(TASK STATEMENT) Give again, word for word, every line below from the one that has "If X contains" through the one that has "neighbour in each", both included, and no others.

(INPUT DATA)
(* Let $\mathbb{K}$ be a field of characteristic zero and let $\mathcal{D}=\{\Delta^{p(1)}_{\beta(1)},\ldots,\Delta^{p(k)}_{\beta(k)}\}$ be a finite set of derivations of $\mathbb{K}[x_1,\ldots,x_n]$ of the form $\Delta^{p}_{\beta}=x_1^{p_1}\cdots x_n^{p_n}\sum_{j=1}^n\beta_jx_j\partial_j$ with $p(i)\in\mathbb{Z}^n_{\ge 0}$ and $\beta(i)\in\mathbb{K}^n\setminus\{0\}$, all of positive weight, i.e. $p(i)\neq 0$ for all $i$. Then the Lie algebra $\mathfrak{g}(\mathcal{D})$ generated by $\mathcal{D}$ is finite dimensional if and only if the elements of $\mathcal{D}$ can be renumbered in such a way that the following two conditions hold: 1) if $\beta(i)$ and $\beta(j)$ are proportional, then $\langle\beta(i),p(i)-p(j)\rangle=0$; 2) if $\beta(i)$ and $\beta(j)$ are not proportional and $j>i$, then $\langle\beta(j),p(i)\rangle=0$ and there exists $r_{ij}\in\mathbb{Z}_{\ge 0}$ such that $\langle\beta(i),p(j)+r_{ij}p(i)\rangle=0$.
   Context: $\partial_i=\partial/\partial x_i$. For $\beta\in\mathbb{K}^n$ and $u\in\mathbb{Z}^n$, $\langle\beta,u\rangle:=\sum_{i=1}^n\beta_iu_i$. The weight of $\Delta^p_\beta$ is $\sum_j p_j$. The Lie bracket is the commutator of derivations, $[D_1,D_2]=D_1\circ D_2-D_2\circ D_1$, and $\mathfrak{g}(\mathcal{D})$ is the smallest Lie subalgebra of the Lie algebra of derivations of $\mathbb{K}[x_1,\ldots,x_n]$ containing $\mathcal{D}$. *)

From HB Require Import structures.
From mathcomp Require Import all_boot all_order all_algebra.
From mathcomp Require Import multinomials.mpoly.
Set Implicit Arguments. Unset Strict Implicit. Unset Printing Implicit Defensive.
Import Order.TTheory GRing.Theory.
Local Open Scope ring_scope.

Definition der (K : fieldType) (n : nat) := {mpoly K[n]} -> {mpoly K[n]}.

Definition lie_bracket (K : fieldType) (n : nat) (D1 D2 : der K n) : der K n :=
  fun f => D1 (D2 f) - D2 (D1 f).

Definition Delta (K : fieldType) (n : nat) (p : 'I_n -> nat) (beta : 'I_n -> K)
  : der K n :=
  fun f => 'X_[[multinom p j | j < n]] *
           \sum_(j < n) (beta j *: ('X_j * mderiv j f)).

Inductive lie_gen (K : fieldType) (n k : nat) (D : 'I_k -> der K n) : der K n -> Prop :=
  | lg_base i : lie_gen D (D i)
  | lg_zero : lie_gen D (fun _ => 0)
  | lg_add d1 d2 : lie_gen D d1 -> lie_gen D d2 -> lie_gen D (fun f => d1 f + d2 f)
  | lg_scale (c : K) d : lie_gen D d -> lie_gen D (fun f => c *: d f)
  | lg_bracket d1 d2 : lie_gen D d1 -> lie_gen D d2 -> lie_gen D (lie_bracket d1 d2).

* * *

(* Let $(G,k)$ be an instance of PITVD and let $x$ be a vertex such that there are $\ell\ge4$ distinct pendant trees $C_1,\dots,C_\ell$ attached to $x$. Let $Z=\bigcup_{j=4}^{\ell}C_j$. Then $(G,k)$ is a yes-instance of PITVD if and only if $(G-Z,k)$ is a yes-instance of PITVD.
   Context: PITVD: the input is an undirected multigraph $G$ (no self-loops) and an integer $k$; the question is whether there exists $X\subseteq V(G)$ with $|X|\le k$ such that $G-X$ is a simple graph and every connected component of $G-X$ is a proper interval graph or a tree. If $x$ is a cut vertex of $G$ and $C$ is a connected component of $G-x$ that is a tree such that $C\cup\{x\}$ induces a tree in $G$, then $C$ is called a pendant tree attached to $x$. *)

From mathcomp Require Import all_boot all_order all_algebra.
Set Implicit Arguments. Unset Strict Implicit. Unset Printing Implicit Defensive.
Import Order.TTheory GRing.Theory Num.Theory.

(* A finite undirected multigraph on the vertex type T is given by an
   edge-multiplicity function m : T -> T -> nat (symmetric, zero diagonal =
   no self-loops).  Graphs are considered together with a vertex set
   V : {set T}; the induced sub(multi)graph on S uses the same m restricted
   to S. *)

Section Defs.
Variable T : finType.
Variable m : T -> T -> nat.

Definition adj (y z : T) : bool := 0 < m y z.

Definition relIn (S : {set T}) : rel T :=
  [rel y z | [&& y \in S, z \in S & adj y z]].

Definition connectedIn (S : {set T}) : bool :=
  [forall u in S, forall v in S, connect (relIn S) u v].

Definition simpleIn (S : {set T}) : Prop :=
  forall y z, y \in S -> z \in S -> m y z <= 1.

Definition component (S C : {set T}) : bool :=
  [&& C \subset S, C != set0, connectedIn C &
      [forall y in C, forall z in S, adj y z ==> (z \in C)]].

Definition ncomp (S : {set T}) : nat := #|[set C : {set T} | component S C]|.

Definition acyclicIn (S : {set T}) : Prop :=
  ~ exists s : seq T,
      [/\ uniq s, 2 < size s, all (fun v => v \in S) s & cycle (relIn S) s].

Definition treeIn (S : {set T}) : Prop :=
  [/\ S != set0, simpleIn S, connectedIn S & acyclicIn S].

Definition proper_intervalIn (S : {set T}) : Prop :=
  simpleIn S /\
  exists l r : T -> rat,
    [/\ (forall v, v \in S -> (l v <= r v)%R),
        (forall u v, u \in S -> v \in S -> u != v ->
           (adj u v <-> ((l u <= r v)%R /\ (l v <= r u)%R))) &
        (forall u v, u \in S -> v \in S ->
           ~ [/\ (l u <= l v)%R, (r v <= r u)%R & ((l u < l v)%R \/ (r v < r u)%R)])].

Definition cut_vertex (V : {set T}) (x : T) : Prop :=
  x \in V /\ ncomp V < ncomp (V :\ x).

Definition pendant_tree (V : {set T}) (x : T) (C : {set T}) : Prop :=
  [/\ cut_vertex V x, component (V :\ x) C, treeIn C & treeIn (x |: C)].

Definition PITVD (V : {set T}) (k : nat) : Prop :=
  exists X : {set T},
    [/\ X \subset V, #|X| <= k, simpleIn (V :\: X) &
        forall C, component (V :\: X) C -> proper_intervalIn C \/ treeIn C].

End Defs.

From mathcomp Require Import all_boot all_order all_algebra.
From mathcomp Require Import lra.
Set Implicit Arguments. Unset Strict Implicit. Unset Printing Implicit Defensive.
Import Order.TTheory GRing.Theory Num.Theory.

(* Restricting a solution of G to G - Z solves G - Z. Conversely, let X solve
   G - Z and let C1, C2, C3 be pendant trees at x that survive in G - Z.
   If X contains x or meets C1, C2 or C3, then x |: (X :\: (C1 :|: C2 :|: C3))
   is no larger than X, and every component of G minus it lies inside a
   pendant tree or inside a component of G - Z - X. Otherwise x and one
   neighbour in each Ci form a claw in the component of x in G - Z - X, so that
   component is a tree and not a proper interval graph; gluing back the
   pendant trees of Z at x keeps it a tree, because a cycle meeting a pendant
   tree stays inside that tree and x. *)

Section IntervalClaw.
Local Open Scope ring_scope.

(YOUR SOLUTION)
   If X contains x or meets C1, C2 or C3, then x |: (X :\: (C1 :|: C2 :|: C3))
   is no larger than X, and every component of G minus it lies inside a
   pendant tree or inside a component of G - Z - X. Otherwise x and one
   neighbour in each Ci form a claw in the component of x in G - Z - X, so that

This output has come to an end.